Microbeads are microscopic solid plastic particles frequently made of polyethylene and widely used in beauty products including toothpaste, facial scrubs and cleansers. Plastic beads provide great scrubbing power but many global cosmetics makers have voluntarily stopped using the tiny plastic pallets during the last decade because the current wastewater filtering system cannot filter or capture used microbeads.
When microbeads reach rivers, lakes and oceans, they are consumed by planktons and other water animals that mistake the bead for food. Eventually, microbeads affect the whole food pyramid as it moves up the food chain. Humans, the apex predator, also consume micro pallets dubbed "death balls," as they eat fish and other animals.
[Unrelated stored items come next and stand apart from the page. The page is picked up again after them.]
Lemma lev_iter_par i x : lev (iter i par x) = lev x - i.
Proof. by elim: i => [|i IH]; rewrite ?subn0 // iterS lev_par IH subnS. Qed.

Lemma lev_par_lt x : x != u -> lev (par x) < lev x.
Proof. by move=> xu; rewrite lev_par ltn_predL lt0n lev_eq0. Qed.

Lemma same_lev_path k p q : lev p = k -> lev q = k -> p != q ->
  exists s, [/\ path t p s, last p s = q, uniq (p :: s), 2 <= size s &
                all (fun z => lev z <= k) s].
Proof.
elim: k p q => [|k IH] p q lev_p lev_q pq.
  move/eqP: lev_p; move/eqP: lev_q; rewrite !lev_eq0 => /eqP q_u /eqP p_u.
  by rewrite p_u q_u eqxx in pq.
have pu : p != u by rewrite -lev_eq0 lev_p.
have qu : q != u by rewrite -lev_eq0 lev_q.
have [tp] := par_spec pu; rewrite lev_p => -[/esym lev_pp].
have [tq] := par_spec qu; rewrite lev_q => -[/esym lev_qq].
have neq_pq z : lev z <= k -> (z != p) && (z != q).
  move=> lev_z; apply/andP.
  by split; apply: contraTneq lev_z => ->; rewrite ?lev_p ?lev_q ltnn.
case: (eqVneq (par p) (par q)) => [par_pq|/(IH _ _ lev_pp lev_qq)].
  have /andP [pp_p pp_q] := neq_pq _ (eq_leq lev_pp).
  exists [:: par p; q]; split=> //=.
  - by rewrite tp par_pq tsym tq.
  - by rewrite !inE negb_or pq eq_sym pp_p pp_q.
  - by rewrite lev_pp lev_q leqnSn leqnn.
case=> s [ps last_s uniq_s _ lev_s].
have lev_ps z : z \in par p :: s -> lev z <= k.
  by rewrite inE => /orP [/eqP ->|/(allP lev_s)] //; rewrite lev_pp.
exists (par p :: rcons s q); split.
- by rewrite /= tp rcons_path ps last_s tsym tq.
- by rewrite /= last_rcons.
- rewrite cons_uniq -rcons_cons rcons_uniq uniq_s andbT mem_rcons inE negb_or pq /=.
  by apply/andP; split; apply/negP => /lev_ps /neq_pq; rewrite eqxx ?andbF.
- by rewrite /= size_rcons.
- rewrite /= lev_pp leqnSn all_rcons lev_q leqnn /=.
  by apply/allP => z /(allP lev_s) /leqW.
Qed.

Lemma edge_lev_neq x y : t x y -> lev x != lev y.
Proof.
move=> txy; apply/eqP => lev_xy.
have xy : x != y by apply: contraTneq txy => ->; rewrite tirr.
have [s [xs last_s uniq_s size_s _]] := same_lev_path lev_xy erefl xy.
have : ucycle t (x :: s) by rewrite /ucycle uniq_s andbT /= rcons_path xs last_s tsym.
by move/tacyc; rewrite /= ltnNge size_s.
Qed.

Lemma par_unique y p : y != u -> t y p -> lev y = (lev p).+1 -> p = par y.
Proof.
move=> yu typ lev_yp; have [typ' lev_y] := par_spec yu.
apply/eqP; apply: contraT => neq_p.
have [s [ps last_s uniq_s size_s lev_s]] : exists s, [/\ path t p s, last p s = par y,
    uniq (p :: s), 2 <= size s & all (fun z => lev z <= lev p) s].
  by apply: same_lev_path => //; apply: succn_inj; rewrite -lev_y.
have y_ps : y \notin p :: s.
  rewrite inE negb_or; apply/andP; split.
    by apply: contraTneq typ => ->; rewrite tirr.
  by apply/negP => /(allP lev_s); rewrite lev_yp ltnn.
have : ucycle t (y :: p :: s).
  by rewrite /ucycle (cons_uniq y) y_ps uniq_s /= typ rcons_path ps last_s tsym !andbT.
by move/tacyc; rewrite /= ltnNge ltnW.
Qed.

Lemma t_parent_rel : subrel t (parent_rel par u).
Proof.
have up x y : t x y -> lev y < lev x -> (x != u) && (y == par x).
  move=> txy lt_yx; have xu : x != u by rewrite -lev_eq0 -lt0n (leq_ltn_trans _ lt_yx).
  have lev_xy : lev x = (lev y).+1 by apply/eqP; rewrite eqn_leq lt_yx lev_edge.
  by rewrite xu -(par_unique xu txy lev_xy) eqxx.
move=> x y txy; have := edge_lev_neq txy; rewrite neq_ltn => /orP [lt_xy|lt_yx].
  by apply/orP; right; apply: up; rewrite // tsym.
by apply/orP; left; apply: up.
Qed.

Lemma reach_par_meet k a b : reach t k a b ->
  exists i j, i + j <= k /\ iter i par a = iter j par b.
Proof.
elim: k a => [|k IH] a; first by move/eqP->; exists 0, 0.
rewrite reachSE => /orP [/IH [i [j [le_ij meet]]]|/existsP [d /andP [tad /IH]]].
  by exists i, j; split; first exact: leqW.
case=> i [j [le_ij meet]]; case/orP: (t_parent_rel tad) => /andP [_ /eqP ad].
  by exists i.+1, j; rewrite iterSr -ad; split.
by exists i, j.+1; rewrite addnS ltnS iterS -meet -iterS iterSr -ad; split.
Qed.

Section Rehang.
Variables (e : rel T) (v : T).
Hypothesis esym : symmetric e.
Hypothesis eirr : irreflexive e.
Hypothesis te : subrel t e.
Hypothesis tspan : forall a b, dist t a b <= 3 * dist e a b.
Hypothesis t5 : five_center t u v.

Lemma v_neq_u : v != u.
Proof. by apply: contraTneq (proj1 t5) => ->; rewrite tirr. Qed.

Lemma lev_v : lev v = 1.
Proof.
have : lev v <= 1 by rewrite lev_leqE reach1 // tsym (proj1 t5).
by rewrite leq_eqVlt ltnS leqn0 lev_eq0 (negbTE v_neq_u) orbF => /eqP.
Qed.

Lemma par_v : par v = u.
Proof. by apply/eqP; rewrite -lev_eq0 lev_par lev_v. Qed.

Lemma lev_leq3 x : lev x <= 3.
Proof.
case/orP: (proj2 t5 x) => [le2|]; first exact: leq_trans le2 _.
rewrite dist_leqE // lev_leqE => reach_xv.
by apply: reach_cat reach_xv (reach1 _); rewrite tsym (proj1 t5).
Qed.

Lemma par2_lev2 x : lev x <= 2 -> par (par x) = u.
Proof. by move=> le2; apply/eqP; rewrite -lev_eq0 !lev_par; lia. Qed.

Lemma par2_lev3 x : lev x = 3 -> par (par x) = v.
Proof.
move=> lev_x; have := proj2 t5 x; rewrite -[dist t x u]/(lev x) lev_x /= dist_leqE //.
case/reach_par_meet=> i [j [le_ij meet]].
have := congr1 lev meet; rewrite !lev_iter_par lev_x lev_v => lev_ij.
have [i2 j0] : i = 2 /\ j = 0 by lia.
by move: meet; rewrite i2 j0.
Qed.

Definition par' x := if (par x != v) && e (par (par x)) x then par (par x) else par x.
Definition t' := parent_rel par' u.
Let t'_sym : symmetric t' := @parent_rel_sym _ par' u.

Lemma par'_cases x : par' x = par x \/ par' x = par (par x).
Proof. by rewrite /par'; case: ifP; [right|left]. Qed.

Lemma par'_lt x : x != u -> lev (par' x) < lev x.
Proof.
move=> xu; have := lev_par_lt xu.
by case: (par'_cases x) => ->; rewrite ?lev_par //; lia.
Qed.

Lemma par'_par x : par' (par x) = par (par x).
Proof.
rewrite /par'; have := lev_leq3 x; rewrite leq_eqVlt ltnS.
case/orP=> [/eqP/par2_lev3 ->|/par2_lev2 ->]; first by rewrite eqxx.
by rewrite par_u; case: ifP.
Qed.

Lemma par'_of_par_par a b : par a = par (par b) -> par' a = par a.
Proof.
move=> ab; case: (eqVneq (par a) u) => [au|].
  by case: (par'_cases a) => ->; rewrite ?au ?par_u.
rewrite ab => pb_u; have lev_b : lev b = 3.
  apply/eqP; rewrite eqn_leq lev_leq3 ltnNge.
  by apply: contra pb_u => /par2_lev2 ->.
by rewrite /par' ab par2_lev3 // eqxx.
Qed.

Lemma e_par' x : x != u -> e x (par' x).
Proof.
move=> xu; rewrite /par'; case: ifP => [/andP [_]|_]; first by rewrite esym.
exact/te/(par_spec xu).1.
Qed.

Lemma t'_tree : is_spanning_tree e t'.
Proof.
split; first by split; [exact: parent_rel_sym | exact: parent_rel_irr par'_lt].
split; first exact: parent_rel_sub esym e_par'.
split; [exact: connect_parent_rel par'_lt | exact: parent_rel_acyclic par'_lt].
Qed.

Lemma reach_par' x : reach t' 1 x (par' x).
Proof.
case: (eqVneq x u) => [->|xu]; last exact/reach1/parent_relQ.
by case: (par'_cases u) => ->; rewrite !par_u; apply: reachS (reach0 _ _).
Qed.

Lemma reach_par x : reach t' 2 x (par x).
Proof.
case: (par'_cases x) => par'_x; first by rewrite -par'_x reachS ?reach_par'.
apply: (reach_cat (reach_par' x)); rewrite par'_x -par'_par.
exact/(reach_sym t'_sym)/reach_par'.
Qed.

Lemma reach_par2 x : reach t' 2 x (par (par x)).
Proof.
case: (par'_cases x) => par'_x; last by rewrite -par'_x reachS ?reach_par'.
by apply: (reach_cat (reach_par' x)); rewrite par'_x -par'_par reach_par'.
Qed.

Lemma reach_iter_par j x : j <= 3 -> reach t' 3 x (iter j par x).
Proof.
case: j => [|[|[|[|//]]]] _.
- exact: reach_leq _ (reach0 _ _).
- exact: reach_leq _ (reach_par x).
- exact: reach_leq _ (reach_par2 x).
change (reach t' (2 + 1) x (par (par (par x)))).
by apply: (reach_cat (reach_par2 x)); rewrite -(par'_par (par x)) reach_par'.
Qed.

Lemma reach_siblings a b : par a = par b -> reach t' 3 a b.
Proof.
move=> ab; apply: (reach_cat (reach_par' a)); apply: (reach_sym t'_sym).
by case: (par'_cases a) => ->; rewrite ab ?reach_par ?reach_par2.
Qed.

Lemma reach_uncle a b : par a = par (par b) -> reach t' 3 a b.
Proof.
move=> ab; apply: (reach_cat (reach_par' a)); apply: (reach_sym t'_sym).
by rewrite (par'_of_par_par ab) ab reach_par2.
Qed.

Lemma reach3_of_meet i j a b : i + j <= 3 -> iter i par a = iter j par b ->
  reach t' 3 a b.
Proof.
wlog le_ij : i j a b / i <= j.
  move=> wlog_ij le3 meet; case: (leqP i j) => [le_ij|/ltnW le_ji].
    exact: wlog_ij _ _ _ _ le_ij le3 meet.
  by apply: (reach_sym t'_sym); apply: (wlog_ij j i); rewrite // addnC.
case: i le_ij => [|[|i]] le_ij le3 meet.
- by rewrite /= in meet; rewrite meet; apply/(reach_sym t'_sym)/reach_iter_par.
- by case: j le_ij le3 meet => [|[|[|j]]] //= _ _; [apply: reach_siblings | apply: reach_uncle].
by move: le3; lia.
Qed.

Lemma reach3_of_edge a b : e a b -> reach t' 3 a b.
Proof.
move=> eab; have : dist t a b <= 3.
  exact: leq_trans (tspan a b) (leq_mul (leqnn 3) (dist_leq (reach1 eab))).
by rewrite dist_leqE // => /reach_par_meet [i [j [le3 meet]]]; apply: reach3_of_meet le3 meet.
Qed.

Lemma t'_spanner : tree_3_spanner e t'.
Proof.
split=> [|a b]; first exact: t'_tree.
apply: dist_stretch reach3_of_edge.
by apply: connect_sub (tconn a b) => x y /te /connect1.
Qed.

Lemma t'_five_center : five_center t' u v.
Proof.
split.
  rewrite /t' /parent_rel eqxx v_neq_u /=.
  by case: (par'_cases v) => ->; rewrite par_v ?par_u.
move=> x; have := lev_leq3 x; rewrite leq_eqVlt ltnS.
case/orP=> [/eqP/par2_lev3 par2_x|/par2_lev2 par2_x].
  by apply/orP; right; apply: dist_leq; rewrite -par2_x reach_par2.
by apply/orP; left; apply: dist_leq; rewrite -par2_x reach_par2.
Qed.

Lemma adj_u_side w : e u w -> t' w u \/ reach t' 2 w v.
Proof.
move=> euw; have wu : w != u by apply: contraTneq euw => ->; rewrite eirr.
have := lev_leq3 w; rewrite leq_eqVlt ltnS.
case/orP=> [/eqP/par2_lev3 par2_w|/par2_lev2 par2_w].
  by right; rewrite -par2_w reach_par2.
case: (eqVneq (par w) v) => [<-|par_w]; first by right; apply: reach_par.
left; suff <- : par' w = u by exact: parent_relQ.
by rewrite /par' par2_w par_w euw.
Qed.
South Korean cosmetics companies have voluntarily stopped using plastic microbeads in 2017.
The state-run Korea Research Institute of Chemical Technology (KRICT) said in a statement on October 13 that its research team has developed a biodegradable microbead material made of Chitosan. Up to 90 percent of chito-beads can be broken down in seawater in 30 days.
"This research will contribute to the development of a degradable high-performance facial wash microbead material," KRICT researcher Park Je-young was quoted as saying. Researchers found that chito-beads were up to 200 percent more effective than normal soap in cleaning waterproof cosmetics of the skin. The biodegradable beads were about 120 percent more effective than plastic beads.